Southern Baja Fish Report

March 7, 2016 Edition

Warmer sea temps persist, apparently part of the Eastern Pacific El Niño that’s been in the news — obviously having a phenomenal impact on the quality of sportfishing all along the Pacific Coast from Alaska to the tip. However, the slightest dip in local fishing and guess what also receives the blame?  Good luck, Gary Graham,

fishkiller2114.jpgCabo San Lucas

Offshore billfish action slowed recently as the fish seem to be scattered. There were some successes for striped marlin and sailfish; the most encouraging was the first swordfish of the year which was caught aboard the Pisces’ 38-foot, “C Rod,” by David Mitchell and Bill Hicks, from Hobbs, New Mexico. Other offshore action included a few wahoo and dorado, again spread out around Baja’s tip. Yellowfin tuna anywhere from football-sized to just shy of 50-pounds were the most consistent catch for most.

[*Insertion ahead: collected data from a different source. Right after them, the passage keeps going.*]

Theorem corollary1 (C : numClosedFieldType) (n l : nat) (hl : (0 < l)%N)
  (h : 'rV[C]_n) (hunit : dotmx h h = 1)
  (W0 : 'M[C]_n) (Ws : 'I_l -> 'M[C]_n)
  (T : 'I_l -> 'M[C]_n) (hT : forall j, T j \is unitarymx)
  (alpha : C) (ha0 : 0 < alpha) (ha1 : alpha < 3^-1) :
  let eps0 := sqnorm_proj W0 h in
  let epsj := fun j : 'I_l => sqnorm_proj (Ws j) h in
  let Wb := (tilted_span alpha T Ws + W0 *m @blkmx C n l ord0)%MS in
  let P := sqnorm_proj Wb (h *m @blkmx C n l ord0) in
  let eps := (1 - alpha) / alpha * \sum_(j < l) epsj j in
  [/\ eps0 <= P,
      (forall j : 'I_l, (1 - alpha) * epsj j <= P)
    & P <= (3 * l%:R) / alpha * (eps0 + eps)].
Proof.
move=> eps0 epsj Wb P eps.
have alpha_lt1 : alpha < 1 by apply: lt_le_trans ha1 _; rewrite invf_le1 ?ler1n.
split.
- exact: sqnorm_proj_W0_le.
- exact: sqnorm_proj_Ws_le.
- exact: sqnorm_proj_tilted_le.
Qed.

Inshore, red snapper, yellowtail, trigger fish, jack crevalle, snook, skipjack and small roosters rounded out the fish caught and released.

Cabo Climate: Air temps varied from 64 at night to 82 daytime highs and an average of 51.6% humidity level. It has been mostly sunny, warm and for Cabo San Lucas.

San Jose

Bottom fishing took center stage for the sport fishing fleet recently as the pelagic red crabs arrived in the area. A handful of nice amberjack to over 50-pounds were caught along with quite a few leopard grouper — a few over 20-pounds. Many variety of snappers, the huachinango (true Pacific red snapper), yellow snapper, barred pargo and scads of triggerfish . . . also one black sea bass weighing 45-pounds, a very rare catch for our area; this sea bass ate a red snapper being reeled in.

Very few dorado or wahoo, just an occasional fish or two were being found. Inshore water where these fish had been holding had cooled off.

Striped marlin became very scattered, just a few fish found. The schools of mackerel and sardineta also became more scattered. Most anglers were using either strips of squid, caballito, ballyhoo, or some mackerel and sardineta.

Little inshore action, mainly smaller-sized roosterfish and a few stray sierra. Not much inshore bait activity to attract numbers of gamefish. Still no signs of any sardina in the area.

Yellowfin tuna were limited to a few fish in the vicinity of Iman Bank or La Fortuna; these were hitting on striped squid. With the ongoing sea lion problem, anglers were fortunate to land one or two of the inshore tuna in the 15- to 25-pound class.

This has been an odd year, with water temperatures being warmer than normal, seemingly altering all of the normal migrations; even the whales are scarcer this season. This whole winter, we have had a bonus of finding yellowfin tuna.

Lately a few of the yellowfin in the 100- to 150-pound class were seen offshore of San Jose del Cabo, associated with rapidly moving schools of porpoise, and though only a few fish were landed; this could be the start of something more consistent.

East Cape

After weeks of up and down North Wind, recently there were a few calm days and warmer temperatures buoying the spirits of local anglers. Suffering from cabin fever, a few headed out and were rewarded with yellowtail action out in front of La Ribera.

A few boats ventured farther out and spotted a striped marlin or two for no bites. Aside from that, it has been pretty barren and most returned to fish the reefs and high spots inshore where they caught a mixed-bag of cabrilla, reef fish and snapper or two.

As it turned out, the calm weather was short lived and the North Wind howled once again.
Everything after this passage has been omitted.